Dann kann der erfindungsgemäße Vorteil der Ultraschall-Zerkleinerung besonders effektiv und zeitsparend ausgenutzt werden. Eine aufwendige Probenvorberei- tung, wie sie im Stand der Technik erforderlich ist, kann ganz entfallen.

Ein Körper oder eine Zellkultur oder eine sonstige Probe, aus dem oder aus der die direkte Probenentnahme erfolgt, kann beispielsweise der eines kleinen Tieres oder Kindes sein. Dann kommt ein weiterer Vorteil zum Tragen, der noch durch die Verwendung einer besonders ausgeführten Pipettenspitze verstärkt werden kann, wie sie mit der WO-A-2010/084180 bekanntgeworden ist. Dieser Vorteil besteht in den kleinen Probenmengen, welche für die Durchführung der HPLC- Analyse benötigt werden. Einerseits hängt dies damit zusammen, daß die üblichen Vor- und Aufbereitungsschritte für die Probe zusätzliches Probenvolumen benötigen, was hier entfällt. Andererseits kann das Probenvolumen noch durch die genannte Pipettenspitze besonders schonend und in kleinsten Mengen so aus dem Körper oder Medium entnommen werden, daß die Pipettenspitze selbst bereits zur Injektion in die HPLC-System verwendet werden kann.

Die Erfindung betrifft auch die Verwendung des HPLC-Systems, wie vorstehend in verschiedenen Ausführungsformen beschrieben und das entsprechende Verfahren zur Probenaufbereitung in dem HPLC-System zur Untersuchung von biologi- sehen, biochemischen, pharmazeutischen, medizinischen und/oder Umweltproben.

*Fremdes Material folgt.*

(* For all nonnegative integers $k,l$, \[ \sum_{n=0}^\infty\frac{Q_l(H_{n+1},H_{n+1}^{(2)},\dots,H_{n+1}^{(l)})\,P_k(H_n,H_n^{(2)},\dots,H_n^{(k)})}{(n+1)^2}=\binom{l+k+1}{l}\zeta(l+k+2). \]
   Context: For integers $r\ge1$ and $n\ge0$, $H_n^{(r)}=\sum_{j=1}^n j^{-r}$ (so $H_0^{(r)}=0$) and $H_n=H_n^{(1)}$. $P_0=Q_0=1$ and for $n\ge1$, $P_n(y_1,\dots,y_n)=\sum_{m_1+2m_2+\cdots=n}\frac{(-1)^{m_2+m_4+\cdots}}{m_1!m_2!\cdots}\prod_{i\ge1}(y_i/i)^{m_i}$, $Q_n(y_1,\dots,y_n)=\sum_{m_1+2m_2+\cdots=n}\frac{1}{m_1!m_2!\cdots}\prod_{i\ge1}(y_i/i)^{m_i}$. $\zeta$ is the Riemann zeta function. *)

From Stdlib Require Import Reals List Arith ClassicalEpsilon.
Open Scope R_scope.

Fixpoint H (r n : nat) : R :=
  match n with
  | O => 0
  | S m => H r m + / (INR (S m)) ^ r
  end.

Fixpoint tuples (len bound : nat) : list (list nat) :=
  match len with
  | O => nil :: nil
  | S l => flat_map (fun a => map (cons a) (tuples l bound)) (seq 0 (S bound))
  end.

(* For m = [m_1; m_2; ...; m_len] (list position j holds m_{j+1}),
   weight_from i m = sum_j (i+j) * m_{...}. *)
Fixpoint weight_from (i : nat) (m : list nat) : nat :=
  match m with
  | nil => O
  | a :: t => (i * a + weight_from (S i) t)%nat
  end.

Fixpoint even_count_from (i : nat) (m : list nat) : nat :=
  match m with
  | nil => O
  | a :: t => ((if Nat.even i then a else O) + even_count_from (S i) t)%nat
  end.

Fixpoint mono_from (y : nat -> R) (i : nat) (m : list nat) : R :=
  match m with
  | nil => 1
  | a :: t => (y i / INR i) ^ a / INR (fact a) * mono_from y (S i) t
  end.

Definition sumR (l : list R) : R := fold_right Rplus 0 l.

(* Tuples (m_1,...,m_n) of nonnegative integers with m_1 + 2 m_2 + ... + n m_n = n
   (necessarily m_i <= n). *)
Definition partitions_of (n : nat) : list (list nat) :=
  filter (fun m => Nat.eqb (weight_from 1 m) n) (tuples n n).

Definition P (n : nat) (y : nat -> R) : R :=
  sumR (map (fun m => (-1) ^ (even_count_from 1 m) * mono_from y 1 m)
            (partitions_of n)).

Definition Q (n : nat) (y : nat -> R) : R :=
  sumR (map (fun m => mono_from y 1 m) (partitions_of n)).

(* Riemann zeta value: the sum of the series sum_{j>=1} 1/j^s (chosen by epsilon;
   it is the actual sum whenever the series converges, e.g. for s >= 2). *)
Definition zeta (s : nat) : R :=
  epsilon (inhabits 0) (fun z => infinite_sum (fun j => / (INR (S j)) ^ s) z).

From Stdlib Require Import Reals List Arith Lra Lia ClassicalEpsilon.
Open Scope R_scope.

(* Write y_j = H_n^(j). Then Q_l(y) = h_l(1, 1/2, ..., 1/n) and P_k(y) = e_k(1, 1/2, ..., 1/n)
   (complete and elementary symmetric functions): by Newton's identities, adding t^j to y_j
   multiplies the generating series of the Q_l by 1/(1 - t x) and that of the P_k by 1 + t x.
   So n! P_k(H_n) is a Stirling number of the first kind [stirling1 n k], and
   Q_l(H_(n+1)) / (n+1)! = [hfrac 1 (n+1) l] with [hfrac] as below.
   The n-th term of the series becomes [stirling1 n k * hfrac 1 (n+1) l / (n+1)], and
   [hfrac n m l - hfrac (n+1) m l = m hfrac n (m+1) l] spreads it, as a telescoping sum over
   N, into a double array [cell k l N n] of nonnegative numbers. Its N-th column sums to
   [C (l+k+1) l / (N+1)^(l+k+2)] by induction on k and l (a Pascal recursion), and summing
   the columns first gives the binomial times zeta. *)

Fixpoint rsum (n : nat) (f : nat -> R) : R :=
  match n with O => 0 | S p => rsum p f + f p end.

Hier hat man es besonders mit störenden Einflüssen der Probe zu tun, die oft durch eine Vorbehandlung gar nicht zu eliminieren sind. Dazu gehört ganz besonders die Analyse von Blutproben mit intakten roten Blutkörperchen. Aber auch ohne den Hintergrund störender Einflüsse läßt sich das HPLC-System erfindungsgemäß z.B. für Aufschlußverfahren im Protein- und Molekularbereich, für Proteinsysteme oder Zellkulturen sowie für die Pharmakokinetik und/oder Pharmakodynamik einsetzen.

Im folgenden soll die Erfindung anhand eines Ausführungsbeispiels und der beigefügten Zeichnung näher erläutert werden.

Es zeigen:

Fig. 1 : Ein schematisch dargestelltes HPLC-System mit Ultraschallvorrichtung und Vorsäulenschaltung mit einer Vorsäule,

Fig. 2: eine schematische Darstellung der Ultraschallvorrichtung,

und Fig. 3: ein schematisch dargestelltes HPLC-System mit Ultraschall Vorrichtung und Vorsäulenschaltung mit drei Vorsäulen.

Zur Erläuterung der erfindungsgemäßen Probenaufbereitung bei einem Hochlei- stungsflüssigkeitschromatographie (HPLC)-System mit Hilfe von Ultraschall ist in Fig. 1 ein HPLC-System dargestellt, daß sowohl im Normalmodus wie im re- versed phase-Modus arbeiten kann. Die Ultraschallbehandlung einer zu untersuchenden Probe 1 ist davon ganz unabhängig und soll nachfolgend näher erläutert werden.

Außerdem gelten die nachfolgenden Ausführungen nicht nur für die Anwendung im Bereich der üblichen HPLC-Trennverfahren. Die erfindungsgemäße Ausgestaltung des HPLC-Systems, d.h. im wesentlichen die Probenvorbereitung vor dem Passieren der Säule(n), hat sich genauso im Bereich der Ultrahochleistungs- flüssigkeitschromatographie (UPLC oder UHPLC) als einsetzbar und geeignet erwiesen. Die UPLC unterscheidet sich dabei von dem herkömmlichen HPLC- Trennverfahren durch einen höheren Probendurchsatz, der im wesentlichen bedingt ist durch eine im UPLC- Verfahren erreichte höhere Trennleistung. Grundsätzlich bezeichnet die UPLC ein HPLC-Trennverfahren mit stark gesteigerter Leistung. Diese Definition wird auch im Rahmen dieser Ausführungen zugrundegelegt.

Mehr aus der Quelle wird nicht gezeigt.